**RECORD EXCERPTS**:
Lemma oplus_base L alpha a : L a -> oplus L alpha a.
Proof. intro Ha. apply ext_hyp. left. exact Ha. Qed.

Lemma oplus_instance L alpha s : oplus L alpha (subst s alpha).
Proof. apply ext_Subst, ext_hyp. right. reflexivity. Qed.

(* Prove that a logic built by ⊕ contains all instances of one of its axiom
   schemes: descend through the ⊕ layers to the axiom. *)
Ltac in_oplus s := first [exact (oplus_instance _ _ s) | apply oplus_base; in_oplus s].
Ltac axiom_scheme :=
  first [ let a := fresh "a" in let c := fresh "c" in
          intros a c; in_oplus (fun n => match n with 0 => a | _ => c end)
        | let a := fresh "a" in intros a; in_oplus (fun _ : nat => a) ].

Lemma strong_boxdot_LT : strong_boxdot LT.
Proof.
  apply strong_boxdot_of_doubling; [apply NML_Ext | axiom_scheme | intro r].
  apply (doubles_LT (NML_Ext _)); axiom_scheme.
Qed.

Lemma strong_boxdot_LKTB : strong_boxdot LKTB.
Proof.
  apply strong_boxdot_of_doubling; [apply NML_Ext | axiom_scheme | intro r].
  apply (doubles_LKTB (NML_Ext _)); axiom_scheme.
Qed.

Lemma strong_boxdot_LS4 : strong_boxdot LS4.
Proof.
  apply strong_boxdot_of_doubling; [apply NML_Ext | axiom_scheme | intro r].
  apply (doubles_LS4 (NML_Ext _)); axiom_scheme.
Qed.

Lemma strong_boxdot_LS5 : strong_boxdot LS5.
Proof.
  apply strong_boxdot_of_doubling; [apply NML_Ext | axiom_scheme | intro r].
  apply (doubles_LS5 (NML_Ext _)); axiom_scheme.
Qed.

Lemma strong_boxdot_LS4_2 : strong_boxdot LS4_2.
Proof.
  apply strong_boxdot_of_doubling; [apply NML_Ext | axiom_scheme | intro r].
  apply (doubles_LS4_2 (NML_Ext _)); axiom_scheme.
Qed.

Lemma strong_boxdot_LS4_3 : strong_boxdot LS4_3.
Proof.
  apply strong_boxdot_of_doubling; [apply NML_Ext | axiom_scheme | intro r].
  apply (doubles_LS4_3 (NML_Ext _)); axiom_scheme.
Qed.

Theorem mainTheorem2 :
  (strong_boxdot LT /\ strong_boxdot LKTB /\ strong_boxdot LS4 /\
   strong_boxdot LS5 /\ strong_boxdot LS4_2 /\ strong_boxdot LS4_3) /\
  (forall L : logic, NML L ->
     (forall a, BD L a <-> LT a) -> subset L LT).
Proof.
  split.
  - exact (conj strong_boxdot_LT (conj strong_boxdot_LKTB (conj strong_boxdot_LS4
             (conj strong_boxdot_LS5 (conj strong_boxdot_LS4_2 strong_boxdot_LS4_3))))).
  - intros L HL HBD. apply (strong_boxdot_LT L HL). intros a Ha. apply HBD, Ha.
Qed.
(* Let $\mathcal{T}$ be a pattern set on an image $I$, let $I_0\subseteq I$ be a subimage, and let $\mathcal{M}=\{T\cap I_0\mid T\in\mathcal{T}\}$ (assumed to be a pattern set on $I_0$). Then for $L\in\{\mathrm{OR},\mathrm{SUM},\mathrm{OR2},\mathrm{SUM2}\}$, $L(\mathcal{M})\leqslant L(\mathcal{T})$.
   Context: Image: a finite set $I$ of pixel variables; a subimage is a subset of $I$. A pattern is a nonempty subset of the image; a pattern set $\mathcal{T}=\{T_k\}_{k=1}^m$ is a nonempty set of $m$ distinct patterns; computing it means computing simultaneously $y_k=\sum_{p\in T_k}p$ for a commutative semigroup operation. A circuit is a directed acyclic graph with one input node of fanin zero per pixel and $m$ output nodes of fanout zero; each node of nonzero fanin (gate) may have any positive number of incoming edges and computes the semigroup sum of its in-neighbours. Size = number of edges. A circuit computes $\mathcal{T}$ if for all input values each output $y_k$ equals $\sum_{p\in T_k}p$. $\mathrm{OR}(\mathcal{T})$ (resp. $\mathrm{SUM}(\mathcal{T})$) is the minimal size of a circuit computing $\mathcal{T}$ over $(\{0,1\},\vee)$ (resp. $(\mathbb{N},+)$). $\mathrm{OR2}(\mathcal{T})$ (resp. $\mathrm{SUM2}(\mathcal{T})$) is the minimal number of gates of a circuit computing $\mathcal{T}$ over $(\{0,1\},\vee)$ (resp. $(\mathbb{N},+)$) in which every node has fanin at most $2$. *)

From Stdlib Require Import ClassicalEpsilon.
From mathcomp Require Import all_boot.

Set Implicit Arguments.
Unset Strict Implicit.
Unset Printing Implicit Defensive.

**GOAL OF THE EXERCISE**:
The answer must be every entry, reproduced exactly.

**SOLUTION BELOW**:
Lemma oplus_base L alpha a : L a -> oplus L alpha a.
Proof. intro Ha. apply ext_hyp. left. exact Ha. Qed.

Lemma oplus_instance L alpha s : oplus L alpha (subst s alpha).
Proof. apply ext_Subst, ext_hyp. right. reflexivity. Qed.

(* Prove that a logic built by ⊕ contains all instances of one of its axiom
   schemes: descend through the ⊕ layers to the axiom. *)
Ltac in_oplus s := first [exact (oplus_instance _ _ s) | apply oplus_base; in_oplus s].
Ltac axiom_scheme :=
  first [ let a := fresh "a" in let c := fresh "c" in
          intros a c; in_oplus (fun n => match n with 0 => a | _ => c end)
        | let a := fresh "a" in intros a; in_oplus (fun _ : nat => a) ].

Lemma strong_boxdot_LT : strong_boxdot LT.
Proof.
  apply strong_boxdot_of_doubling; [apply NML_Ext | axiom_scheme | intro r].
  apply (doubles_LT (NML_Ext _)); axiom_scheme.
Qed.

Lemma strong_boxdot_LKTB : strong_boxdot LKTB.
Proof.
  apply strong_boxdot_of_doubling; [apply NML_Ext | axiom_scheme | intro r].
  apply (doubles_LKTB (NML_Ext _)); axiom_scheme.
Qed.

Lemma strong_boxdot_LS4 : strong_boxdot LS4.
Proof.
  apply strong_boxdot_of_doubling; [apply NML_Ext | axiom_scheme | intro r].
  apply (doubles_LS4 (NML_Ext _)); axiom_scheme.
Qed.

Lemma strong_boxdot_LS5 : strong_boxdot LS5.
Proof.
  apply strong_boxdot_of_doubling; [apply NML_Ext | axiom_scheme | intro r].
  apply (doubles_LS5 (NML_Ext _)); axiom_scheme.
Qed.

Lemma strong_boxdot_LS4_2 : strong_boxdot LS4_2.
Proof.
  apply strong_boxdot_of_doubling; [apply NML_Ext | axiom_scheme | intro r].
  apply (doubles_LS4_2 (NML_Ext _)); axiom_scheme.
Qed.

Lemma strong_boxdot_LS4_3 : strong_boxdot LS4_3.
Proof.
  apply strong_boxdot_of_doubling; [apply NML_Ext | axiom_scheme | intro r].
  apply (doubles_LS4_3 (NML_Ext _)); axiom_scheme.
Qed.

Theorem mainTheorem2 :
  (strong_boxdot LT /\ strong_boxdot LKTB /\ strong_boxdot LS4 /\
   strong_boxdot LS5 /\ strong_boxdot LS4_2 /\ strong_boxdot LS4_3) /\
  (forall L : logic, NML L ->
     (forall a, BD L a <-> LT a) -> subset L LT).
Proof.
  split.
  - exact (conj strong_boxdot_LT (conj strong_boxdot_LKTB (conj strong_boxdot_LS4
             (conj strong_boxdot_LS5 (conj strong_boxdot_LS4_2 strong_boxdot_LS4_3))))).
  - intros L HL HBD. apply (strong_boxdot_LT L HL). intros a Ha. apply HBD, Ha.
Qed.
(* Let $\mathcal{T}$ be a pattern set on an image $I$, let $I_0\subseteq I$ be a subimage, and let $\mathcal{M}=\{T\cap I_0\mid T\in\mathcal{T}\}$ (assumed to be a pattern set on $I_0$). Then for $L\in\{\mathrm{OR},\mathrm{SUM},\mathrm{OR2},\mathrm{SUM2}\}$, $L(\mathcal{M})\leqslant L(\mathcal{T})$.
   Context: Image: a finite set $I$ of pixel variables; a subimage is a subset of $I$. A pattern is a nonempty subset of the image; a pattern set $\mathcal{T}=\{T_k\}_{k=1}^m$ is a nonempty set of $m$ distinct patterns; computing it means computing simultaneously $y_k=\sum_{p\in T_k}p$ for a commutative semigroup operation. A circuit is a directed acyclic graph with one input node of fanin zero per pixel and $m$ output nodes of fanout zero; each node of nonzero fanin (gate) may have any positive number of incoming edges and computes the semigroup sum of its in-neighbours. Size = number of edges. A circuit computes $\mathcal{T}$ if for all input values each output $y_k$ equals $\sum_{p\in T_k}p$. $\mathrm{OR}(\mathcal{T})$ (resp. $\mathrm{SUM}(\mathcal{T})$) is the minimal size of a circuit computing $\mathcal{T}$ over $(\{0,1\},\vee)$ (resp. $(\mathbb{N},+)$). $\mathrm{OR2}(\mathcal{T})$ (resp. $\mathrm{SUM2}(\mathcal{T})$) is the minimal number of gates of a circuit computing $\mathcal{T}$ over $(\{0,1\},\vee)$ (resp. $(\mathbb{N},+)$) in which every node has fanin at most $2$. *)

From Stdlib Require Import ClassicalEpsilon.
From mathcomp Require Import all_boot.

Set Implicit Arguments.
Unset Strict Implicit.
Unset Printing Implicit Defensive.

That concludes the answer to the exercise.